Владимир Тен. Прощание (рассказ)

Художник Melissa McKinnon

Художник Melissa McKinnon

Уже октябрь. И с деревьев летят заскорузлые, высохшие до жестяного звона бурые листья. Воздух узбекистанского бабьего лета наполнен тихим, рвущим душу шелестом осеннего тления. И в теплом еще сквозняке уже чувствуется лезвийно-холодное прикосновение зимы.

Я его помню таким, каким он потом, уже померев, лежал в гробу. Коричневолицый, с длинной благообразной белой бородой. Эдакий старик Хоттабыч. Выходя на улицу, в любую погоду он надевал на совершенно лысую голову белую дырчатую шляпу — непременный головной убор колхозного председателя из глубинки. А вообще одевался примечательно даже по тем временам. Позже, уже после его смерти, учась в школе, я где-то увидел фотографию Льва Толстого, и поразился тому, что великий писатель одевался так же, как мой покойный дед. Только одежда деда была сплошь белой. Национальный, так сказать колорит. Звали деда — Сан Чир. А отчество у отца — Сергеевич. Н-да.Сан Чир и Сергей — это что-то очень далекое.

Я, к нынешнему своему стыду, тогда воспринимал его только с одной стороны: он мне казался смешным. Чем-то вечным и очень несерьезным. Давно уже поросла сорной травой его могила. Может быть, уже и вовсе распахали то древнее кладбище, где его похоронили. Я не знаю этого. И никто не знает. Потому что вскоре после его смерти семья наша переехала в другое место за сотни километров оттуда. Ни родных, ни близких у нас там не оставалось. А отец все собирался как-нибудь съездить на дедову могилу, да так и прособирался. Суета засосала.

…Дед никогда не был председателем. Еще мальчиком он начал батрачить на богатого кулака, который его люто ненавидел. И чувствуя, что дед в полной его власти, издевался над ним, как мог. Впрочем, в открытую сжить его со свету не решался, потому что дед доводился ему родным младшим братом. Потом дед делал революцию. Когда в семнадцатом до Приморья докатились вести о петроградских событиях, а докатились они волной громадных невероятных перемен, до той поры покорный и смиренный дед, изрядно хлебнув вина, поджег хозяйский сарай с курами, и подался во Владивосток.

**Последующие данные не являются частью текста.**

(* For the $N$-relay 1-2-1 diamond network (context) with relays operating all in FD or all in HD, $\mathsf{C}_{\rm cs,iid}$ (computed with the state set of that mode) equals the optimal value of the linear program $$\mathrm{P1^d}:\ \max\sum_{p=1}^N x_p\mathsf C_p\ \text{ s.t. }\ 0\le x_p\le1\ \forall p\in[1:N];\quad \sum_{p=1}^N x_p\frac{\mathsf C_p}{\ell_{p,0}}\le1;\quad \sum_{p=1}^N x_p\frac{\mathsf C_p}{\ell_{N+1,p}}\le1,$$ where $\mathsf C_p=\min\{\ell_{p,0},\ell_{N+1,p}\}$ in the FD case and $\mathsf C_p=\frac{\ell_{p,0}\ell_{N+1,p}}{\ell_{p,0}+\ell_{N+1,p}}$ in the HD case.
   Context: Diamond network: nodes $[0:N+1]$, source $0$, destination $N+1$, relays $[1:N]$; the only links are $(0,p)$ and $(p,N+1)$ for $p\in[1:N]$, with positive rational capacities $\ell_{p,0}$ and $\ell_{N+1,p}$; all other $\ell_{j,i}=0$. Network states: a state $s$ consists of sets $s_{i,t}\subseteq[1:N+1]\setminus\{i\}$ and $s_{i,r}\subseteq[0:N]\setminus\{i\}$, each of cardinality at most $1$, for $i\in[0:N+1]$, with $s_{0,r}=s_{N+1,t}=\emptyset$; in FD mode there is no further constraint; in HD mode additionally $|s_{i,t}|+|s_{i,r}|\le1$ for $i\in[1:N]$. $\mathcal S$ is the set of all states of the mode. Link $(i,j)$ is active in $s$ if $j\in s_{i,t}$ and $i\in s_{j,r}$. $\mathsf{C}_{\rm cs,iid}=\max_{\lambda}\min_{\Omega}\sum_{i\in\Omega,\ j\in\Omega^c}\big(\sum_{s\in\mathcal S:\ (i,j)\text{ active in }s}\lambda_s\big)\ell_{j,i}$, maximum over probability vectors $(\lambda_s)_{s\in\mathcal S}$, minimum over $\Omega$ with $0\in\Omega\subseteq[0:N]$, $\Omega^c=[0:N+1]\setminus\Omega$. *)

From HB Require Import structures.
From mathcomp Require Import all_boot all_order all_algebra.
Set Implicit Arguments. Unset Strict Implicit. Unset Printing Implicit Defensive.
Import Order.TTheory GRing.Theory Num.Theory.
Local Open Scope ring_scope.

Definition node (N : nat) := 'I_(N.+2).
Definition src {N : nat} : node N := ord0.
Definition dst {N : nat} : node N := ord_max.
(* relay p (p : 'I_N, i.e. p in [0:N-1]) is node p+1 in [1:N] *)
Definition relay {N : nat} (p : 'I_N) : node N := inord p.+1.
Definition is_relay {N : nat} (i : node N) : bool := (0 < i)%N && (i <= N)%N.

Inductive mode := FD | HD.
Definition mode_eqb (m1 m2 : mode) : bool :=
  match m1, m2 with FD, FD | HD, HD => true | _, _ => false end.

(* A state assigns to each node i a pair (s_{i,t}, s_{i,r}) of sets of
   cardinality at most 1, represented as options. *)
Definition state (N : nat) := {ffun node N -> option (node N) * option (node N)}.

Было ему тогда уже за тридцать и был он уже женат и имел на руках двоих детей. Во время японской интервенции он, оставив семью в глухой корейской деревушке, ушел в партизаны.

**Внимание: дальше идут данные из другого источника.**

Lemma quasi_component_connected (x : T) :
  hausdorff_space T -> compact [set: T] -> connected (quasi_component x).
Proof.
move=> hT cT B [b Bb] [U oU BQU] [C cC BQC].
set Q := quasi_component x.
have cQ : closed Q by apply: closed_bigI => D [[]].
have cQC : closed (Q `&` C) by exact: closedI.
have cQO : closed (Q `&` ~` U) by apply: closedI => //; exact: open_closedC.
have disj : (Q `&` C) `&` (Q `&` ~` U) = set0.
  apply/seteqP; split => // z [QCz [_ nUz]]; apply: nUz.
  by move: QCz; rewrite -BQC BQU => -[].
have cover : Q `<=` (Q `&` C) `|` (Q `&` ~` U).
  move=> z Qz; have [Uz|nUz] := pselect (U z); [left|by right].
  by rewrite -BQC BQU.
have Qx : Q x by apply/quasi_componentP.
have [Bx|nBx] := pselect (B x).
  have Q_C : Q `<=` Q `&` C.
    by apply: (quasi_component_sub_closed hT cT cQC cQO disj cover); rewrite -BQC.
  by rewrite BQC; apply/seteqP; split => [z []|z /Q_C].
have Q_nO : Q `<=` Q `&` ~` U.
  apply: (quasi_component_sub_closed hT cT cQO cQC); first by rewrite setIC.
    by rewrite setUC.
  by split => // Ux; apply: nBx; rewrite BQU.
by move: Bb; rewrite BQU => -[/Q_nO[]].
Qed.

Lemma compact_totally_disconnected_zero_dimensional :
  hausdorff_space T -> compact [set: T] -> totally_disconnected [set: T] ->
  zero_dimensional T.
Proof.
move=> hT cT tdT x y /eqP xy; apply: contrapT => nC.
have Qy : quasi_component x y.
  apply/quasi_componentP => C cC Cx; apply: contrapT => nCy; apply: nC.
  by exists C.
have Qx : quasi_component x x by apply/quasi_componentP.
have := connected_component_max Qx (@subsetT _ _)
  (quasi_component_connected hT cT) Qy.
by rewrite tdT // => yx; apply: xy.
Qed.

End ZeroDimensional.

Lemma continuous_nbhs_preimage (X Y : topologicalType) (h : X -> Y) (p : X) (W : set Y) :
  {for p, continuous h} -> open W -> W (h p) -> nbhs p (h @^-1` W).
Proof. by move=> ch oW Wh; apply: ch; exact: open_nbhs_nbhs. Qed.

Section GroupLaw.
Variables (T : ptopologicalType) (mul : T -> T -> T) (inv : T -> T) (one : T).
Hypothesis law : is_group_law mul inv one.

Lemma gmulA x y z : mul x (mul y z) = mul (mul x y) z. Proof. by case: law. Qed.
Lemma gmul1l x : mul one x = x. Proof. by case: law => _ /(_ x) []. Qed.
Lemma gmul1r x : mul x one = x. Proof. by case: law => _ /(_ x) []. Qed.
Lemma gmulVl x : mul (inv x) x = one. Proof. by case: law => _ _ /(_ x) []. Qed.
Lemma gmulVr x : mul x (inv x) = one. Proof. by case: law => _ _ /(_ x) []. Qed.
Lemma gmulKl x y : mul (inv x) (mul x y) = y. Proof. by rewrite gmulA gmulVl gmul1l. Qed.
Lemma gmulKVl x y : mul x (mul (inv x) y) = y. Proof. by rewrite gmulA gmulVr gmul1l. Qed.
Lemma gmulKr x y : mul (mul x y) (inv y) = x. Proof. by rewrite -gmulA gmulVr gmul1r. Qed.

Lemma ginv_uniq x y : mul x y = one -> inv x = y.
Proof. by move=> xy1; rewrite -[inv x]gmul1r -xy1 gmulKl. Qed.

Lemma ginvK x : inv (inv x) = x. Proof. by apply: ginv_uniq; rewrite gmulVl. Qed.
Lemma ginv1 : inv one = one. Proof. by apply: ginv_uniq; rewrite gmul1l. Qed.
Lemma ginvM x y : inv (mul x y) = mul (inv y) (inv x).
Proof. by apply: ginv_uniq; rewrite -gmulA gmulKVl gmulVr. Qed.

Lemma ltransE a (A : set T) : ltrans mul a A = [set y | A (mul (inv a) y)].
Proof.
apply/seteqP; split => [_ [z Az <-]|y Ay]; first by rewrite /= gmulKl.
by exists (mul (inv a) y); rewrite ?gmulKVl.
Qed.

End GroupLaw.

Section TopologicalGroup.
Variables (T : ptopologicalType) (mul : T -> T -> T) (inv : T -> T) (one : T).
Hypotheses (law : is_group_law mul inv one)
  (mul_cont : continuous (fun p : T * T => mul p.1 p.2)) (inv_cont : continuous inv).
Local Notation is_subgroup := (is_subgroup mul inv one).

Lemma continuous_gmul (X : topologicalType) (F G : X -> T) (p : X) :
  {for p, continuous F} -> {for p, continuous G} ->
  {for p, continuous (fun z => mul (F z) (G z))}.
Proof.
move=> cF cG; apply: (@continuous_comp _ _ _ (fun z => (F z, G z)) (fun q : T * T => mul q.1 q.2)).
  exact: cvg_pair.
exact: mul_cont.
Qed.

«И на Тихом океане он закончил свой поход». Впрочем, его поход только начинался. После установления Советской власти в Приморье он вступил в корейский партизанский отряд, который совершал рейды в Корею, оккупированную японцами. Изрядно потрепанные, голодные и усталые, партизаны возвращались на советскую территорию. Потом дед крестьянствовал в той деревушке под Спасском, где оставлял семью.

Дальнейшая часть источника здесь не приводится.